Which lines below include "eFixed"? Copy them all.

◇ ◇ ◇

Lemma counit_act_sum Phi xi : memR Phi -> exists K Kx : {fset G},
  supp_in Phi K /\ (forall t, t \notin Kx -> fam xi t = 0) /\
  counit_fun (lm_act (indMod (eMod M)) Phi xi) =
  gsum (fun u => gsum (fun s => lm_act M (liftcoef Phi (gmul u s) u) (fam xi s))).
Proof.
move=> mP; have [K hK] := memR_supp mP; have [Kx hKx] := fam_supp xi.
exists K, Kx; split=> //; split=> //.
pose T t u := lm_act M (liftcoef Phi t u) (fam xi (gmul (ginv u) t)).
have Tu t u : u \notin K -> T t u = 0.
  by move=> hu; rewrite /T (liftcoef0 _ hK hu) actR_zero.
transitivity (gsum (fun t => gsum (fun u => T t u))).
  rewrite /counit_fun; apply: eq_gsum => t; rewrite fam_act //.
  rewrite (@gsum_morph _ _ _ (lm_act M (liftR t)) K); first last.
  - by move=> u hu; rewrite (supp_inS _ hK hu) embS_embA0 actR_zero.
  - by move=> a b; rewrite lm_actD //; exact: memR_liftR.
  - exact: lm_act0 (memR_liftR t).
  apply: eq_gsum => u; rewrite -lm_mulA; [|exact: memR_liftR | exact: memR_embS].
  by rewrite liftR_embS.
rewrite (@exchange_gsum _ _ [fset gmul a b | a in K, b in Kx]%fset K (fun t u => T t u)).
- apply: eq_gsum => u; rewrite (gsum_mull u); apply: eq_gsum => s.
  by rewrite /T gmulKl.
- move=> t u ht; case: (boolP (u \in K)) => hu; last exact: Tu.
  rewrite /T hKx ?(lm_act0 _ (memR_liftcoef _ _ mP)) //.
  apply: contra ht => hs; apply/imfset2P; exists u => //; exists (gmul (ginv u) t) => //.
  by rewrite gmulKVl.
- by move=> t u hu; exact: Tu.
Qed.

Lemma counit_act Phi : memR Phi ->
  forall xi, counit_fun (lm_act (indMod (eMod M)) Phi xi) = lm_act M Phi (counit_fun xi).
Proof.
move=> mP xi; have [K [Kx [hK [hKx ->]]]] := counit_act_sum xi mP.
rewrite (@exchange_gsum _ _ K Kx); first last.
- by move=> u s hs; rewrite hKx // (lm_act0 _ (memR_liftcoef _ _ mP)).
- by move=> u s hu; rewrite (liftcoef0 _ hK hu) actR_zero.
rewrite /counit_fun (@gsum_morph _ _ _ (lm_act M Phi) Kx); first last.
- by move=> s hs; rewrite hKx // (lm_act0 _ (memR_liftR s)).
- by move=> a b; rewrite lm_actD.
- exact: lm_act0.
apply: eq_gsum => s; rewrite -lm_mulA //; last exact: memR_liftR.
rewrite -(mulR_liftR_sum s hK) actR_prsum; last by move=> u; exact: memR_liftcoef.
by apply: gsum_fset => u hu; rewrite (liftcoef0 _ hK hu) actR_zero.
Qed.

Definition counit_hom : mhom (indMod (eMod M)) M := MHom counit_add counit_act.

Lemma projR_fixed (m : M) t : lm_act M eR (lm_act M (projR t) m) = lm_act M (projR t) m.
Proof. by rewrite -lm_mulA ?eR_projR //; [exact: memR_eR | exact: memR_projR]. Qed.

Definition projE (m : M) t : eMod M := @ZSub _ (eFixed M) (lm_act M (projR t) m) (projR_fixed m t).

Lemma projR_act_supp (m : M) :
  exists B, forall t, t \notin invHsat B -> lm_act M (projR t) m = 0.
Proof.
have [l [B [hl ->]]] := unital_supp m; exists B => t ht.
rewrite act_sum_acts; [|exact: memR_projR | by move=> p /hl []].
rewrite (@eq_big_In _ _ l _ (fun _ => 0)) ?big1 // => p /hl [_ bp].
by rewrite (projR_supp0 bp (notin_invHsat ht)) actR_zero.
Qed.

Lemma projE_induced (m : M) : induced (fun t => projE m t).
Proof.
split.
  by have [B hB] := projR_act_supp m; exists (invHsat B) => t ht; apply: zval_inj; exact: hB.
move=> s h hh; apply: zval_inj => /=.
rewrite -lm_mulA; [|exact: memR_embS | exact: memR_projR].
by rewrite embS_projR ?ginvK //; exact: groupHV.
Qed.

Definition counit_inv (m : M) : indMod (eMod M) := @ZSub _ (inducedPred (eMod M)) _ (projE_induced m).

Lemma counit_invK m : counit_fun (counit_inv m) = m.
Proof.
have [l [B [hl em]]] := unital_supp m.
have hl1 p : List.In p l -> memR p.1 by move/hl => [].
have mLP t : memR (pr_mul R (liftR t) (projR t)) by apply: memRM; [exact: memR_liftR | exact: memR_projR].
rewrite /counit_fun /fam /= (@gsum_fset _ _ (invHsat B)); last first.
  move=> t ht; rewrite em act_sum_acts //; last exact: memR_projR.
  rewrite (@eq_big_In _ _ l _ (fun _ => 0)) ?big1 ?(lm_act0 _ (memR_liftR t)) //.
  by move=> p pl; have [mp bp] := hl p pl; rewrite (projR_supp0 bp (notin_invHsat ht)) actR_zero.
transitivity (lm_act M (prsum (P := R) zeroR (invHsat B) (fun t => pr_mul R (liftR t) (projR t))) m).
  rewrite actR_prsum //; apply: eq_bigr => t _.
  by rewrite -lm_mulA //; [exact: memR_liftR | exact: memR_projR].
have mZ := prsum_mem memR0 memRD (invHsat B) mLP.
rewrite {1}em act_sum_acts // [RHS]em; apply: eq_big_In => p pl.
by have [mp bp] := hl p pl; rewrite prsum_liftR_projR.
Qed.

Lemma projR_counit_term t s (m : M) : lm_act M eR m = m ->
  lm_act M (projR t) (lm_act M (liftR s) m) =
  if inH (gmul (ginv t) s) then lm_act M (avgR (gmul (ginv t) s)) m else 0.
Proof.
move=> me; rewrite -lm_mulA; [|exact: memR_projR | exact: memR_liftR].
rewrite projR_liftR; case hk: (inH (gmul (ginv t) s)).
  by congr (lm_act M _ m); apply: funext => u; apply: funext => g; rewrite andbT.
rewrite (_ : (fun _ _ => _) = zeroR) ?actR_zero //.
by apply: funext => u; apply: funext => g; rewrite andbF.
Qed.

Lemma counit_funK xi : counit_inv (counit_fun xi) = xi.
Proof.
apply: zval_inj; apply: funext => t; apply: zval_inj => /=.
have [Kx hKx] := fam_supp xi.
rewrite /counit_fun (@gsum_morph _ _ _ (lm_act M (projR t)) Kx); first last.
- by move=> s hs; rewrite hKx // (lm_act0 _ (memR_liftR s)).
- by move=> a b; rewrite lm_actD //; exact: memR_projR.
- exact: lm_act0 (memR_projR t).
rewrite (@gsum_fset _ _ Kx); last first.
  by move=> s hs; rewrite hKx // !(lm_act0 _ (memR_liftR s)) (lm_act0 _ (memR_projR t)).
rewrite (eq_bigr (fun s => if inH (gmul (ginv t) s) then lm_act M (avgR one) (fam xi t) else 0)).
  rewrite sumr_if_const -[zval (zval xi t)]/(fam xi t).
  case: (eqVneq (fam xi t) 0) => [->|nz]; first by rewrite (lm_act0 _ (memR_avgR one)) mul0rn.
  rewrite (@count_coset Kx t); last first.
    move=> h hh; apply: contraT => /hKx h0; move: nz.
    by rewrite -(gmulKr h t) fam_mulr ?ginvK ?h0 ?(lm_act0 _ (memR_embS _)) ?eqxx //; exact: groupHV.
  rewrite -(subn0 nH) -sumr_const_nat -(@actR_prsum M _ _ (fun _ => avgR one)); last first.
    by move=> _; exact: memR_avgR.
  by rewrite prsum_avgR1 fam_eR.
move=> s _; rewrite projR_counit_term ?fam_eR //; case: ifP => // /inH_H hk.
rewrite -{2}(gmulKVl t s) fam_mulr // -lm_mulA ?avgR_embS //.
  exact: memR_avgR.
exact: memR_embS.
Qed.

Lemma counit_bij : bijective counit_hom.
Proof. by exists counit_inv; [exact: counit_funK | exact: counit_invK]. Qed.

End Counit.

Lemma counit_natural (M N : umodule R) (f : mhom M N) x :
  f (counit_hom M x) = counit_hom N (indMod_map (eMod_map f) x).
Proof.
rewrite /= /counit_fun; have [Kx hKx] := fam_supp x.
rewrite (@gsum_morph _ _ _ f Kx); first last.
- by move=> t ht; rewrite hKx // (lm_act0 _ (memR_liftR t)).
- exact: mh_add.
- exact: mh0.
by apply: eq_gsum => t; rewrite mh_act //; exact: memR_liftR.
Qed.

(** * The isomorphism e(ind N) ~= N *)

Section Eval1.
Variable N : umodule S.

Definition fval (z : eMod (indMod N)) : G -> N := zval (zval z).

Lemma actInd_eR (xi : G -> N) t :
  actInd eR xi t = if inH t then lm_act N (deltaH one) (xi t) else 0.
Proof.
rewrite /actInd (gsum1 (a := one)); last by move=> u /negbTE ne; rewrite eRE ne /= act_embA0.
by rewrite eRE eqxx /= ginv1 gmul1l inHV; case: ifP => _; last exact: act_embA0.
Qed.

Lemma fval_out (z : eMod (indMod N)) t : ~~ inH t -> fval z t = 0.
Proof.
move=> /negbTE ht; have hz := zvalP z; rewrite /fval -{1}hz.
have -> : zval (lm_act (indMod N) eR (zval z)) = actInd eR (zval (zval z)).
  exact: actIndZE memR_eR.
by rewrite actInd_eR ht.
Qed.

Lemma fval_inH (z : eMod (indMod N)) s :
  inH s -> fval z s = lm_act N (deltaH (ginv s)) (fval z one).
Proof. by move=> hs; have [_ hx] := zvalP (zval z); rewrite /fval -(hx one s (inH_H hs)) gmul1l. Qed.

Definition eval1 (z : eMod (indMod N)) : N := fval z one.

Lemma eval1_add x y : eval1 (x + y) = eval1 x + eval1 y. Proof. by []. Qed.

Lemma eval1_act r : pr_mem S r ->
  forall z, eval1 (lm_act (eMod (indMod N)) r z) = lm_act N r (eval1 z).
Proof.
move=> mr z; rewrite /eval1 /fval /=.
have -> : zval (lm_act (indMod N) (embS r) (zval z)) = actInd (embS r) (zval (zval z)).
  exact: actIndZE (memR_embS r).
rewrite /actInd ginv1.
rewrite (eq_gsum (F' := fun u => if inH u then lm_act N (sH (r u) u) (fval z one) else 0)).
  rewrite gsum_fsetH; last by move=> u /negbTE ->.
  pose F u := if inH u then sH (r u) u else zeroS.
  rewrite (eq_big_seq (fun u => lm_act N (F u) (fval z one))); last first.
    by move=> u; rewrite in_fsetH /F => ->.
  rewrite -(lm_act_prsum memS0 addS0 memSD); last first.
    by move=> u; rewrite /F; case: ifP => // /inH_H hu; exact: memS_sH.
  congr (lm_act N _ _); apply: funext => v; rewrite prsumSE.
  rewrite -gsum_fsetH; last by move=> u; rewrite /F => /negbTE ->.
  rewrite (gsum1 (a := v)) /F /sH; last first.
    by move=> u ne; case: ifP => _ //=; rewrite eq_sym (negbTE ne).
  case: ifP => [_|/negbT hv] /=; first by rewrite eqxx.
  by rewrite /zeroS mr // => /inHP hv'; rewrite hv' in hv.
move=> u; rewrite /embS inH1 andbT; case hu: (inH u); last exact: act_embA0.
rewrite act_unit gmul1r -/(fval z (ginv u)) fval_inH ?inHV // ginvK.
rewrite -lm_mulA; [|exact: memS_embA | exact: memS_deltaH (inH_H hu)].
by rewrite /embA /deltaH mulS_sH ?act_unit ?mulr1 ?gmul1l //; [exact: groupH1 | exact: inH_H].
Qed.

Definition eval1_hom : mhom (eMod (indMod N)) N := MHom eval1_add eval1_act.

Definition orbit_fam (n : N) : G -> N :=
  fun s => if inH s then lm_act N (deltaH (ginv s)) n else 0.

Lemma orbit_fam_induced n : induced (orbit_fam n).
Proof.
split; first by exists (fset_set H) => s; rewrite in_fsetH /orbit_fam => /negbTE ->.
move=> s h hh; rewrite /orbit_fam inHMr //; case hs: (inH s); last first.
  exact/esym/actS0/memS_deltaH/groupHV.
have hs' := groupHV (inH_H hs).
rewrite -lm_mulA; [|exact: memS_deltaH (groupHV hh) | exact: memS_deltaH hs'].
by rewrite /deltaH mulS_sH ?act1 ?mulr1 ?ginvM //; exact: groupHV.
Qed.

Definition orbitInd (n : N) : indMod N := @ZSub _ (inducedPred N) _ (orbit_fam_induced n).

Lemma orbitInd_fixed n : lm_act (indMod N) eR (orbitInd n) = orbitInd n.
Proof.
apply: zval_inj.
have -> : zval (lm_act (indMod N) eR (orbitInd n)) = actInd eR (orbit_fam n).
  exact: actIndZE memR_eR.
apply: funext => t; rewrite actInd_eR /= /orbit_fam; case hs: (inH t) => //.
have ht := memS_deltaH (groupHV (inH_H hs)).
by rewrite -lm_mulA ?mulS_delta1l //; exact: memS_deltaH groupH1.
Qed.

Definition eval1_inv (n : N) : eMod (indMod N) := @ZSub _ (eFixed (indMod N)) _ (orbitInd_fixed n).

Lemma eval1_invK n : eval1 (eval1_inv n) = n.
Proof. by rewrite /eval1 /fval /= /orbit_fam inH1 ginv1 act_delta1. Qed.

Lemma eval1K z : eval1_inv (eval1 z) = z.
Proof.
apply: zval_inj; apply: zval_inj; apply: funext => s /=.
rewrite /orbit_fam /eval1 -/(fval z s).
by case hs: (inH s); [rewrite (fval_inH z hs) | rewrite fval_out ?hs].
Qed.

Lemma eval1_bij : bijective eval1_hom.
Proof. by exists eval1_inv; [exact: eval1K | exact: eval1_invK]. Qed.

End Eval1.

Lemma eval1_natural (M N : umodule S) (f : mhom M N) x :
  f (eval1_hom M x) = eval1_hom N (eMod_map (indMod_map f) x).
Proof. by []. Qed.

End Smash.

Theorem proposition3p1 (G : groupType) (H : set G) (A : algType CC)
    (act : G -> A -> A) :
  finite_subgroup H -> module_algebra H act ->
  has_local_units (smashG H act) /\ has_local_units (smashH H act) /\
  morita_equivalent (smashG H act) (smashH H act).
Proof.
move=> subH modA; split; first exact: local_units_smashG.
split; first exact: local_units_smashH.
exists (eMod subH modA), (eMod_map subH modA), (indMod subH modA), (indMod_map subH modA).
exists (counit_hom subH modA), (eval1_hom subH modA).
split; first exact: eMod_functor.
split; first exact: indMod_functor.
split; first exact: counit_bij.
split; first exact: counit_natural.
split; first exact: eval1_bij.
exact: eval1_natural.
Qed.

◇ ◇ ◇

ANSWER FOR THIS EXERCISE:
Definition projE (m : M) t : eMod M := @ZSub _ (eFixed M) (lm_act M (projR t) m) (projR_fixed m t).
Definition eval1_inv (n : N) : eMod (indMod N) := @ZSub _ (eFixed (indMod N)) _ (orbitInd_fixed n).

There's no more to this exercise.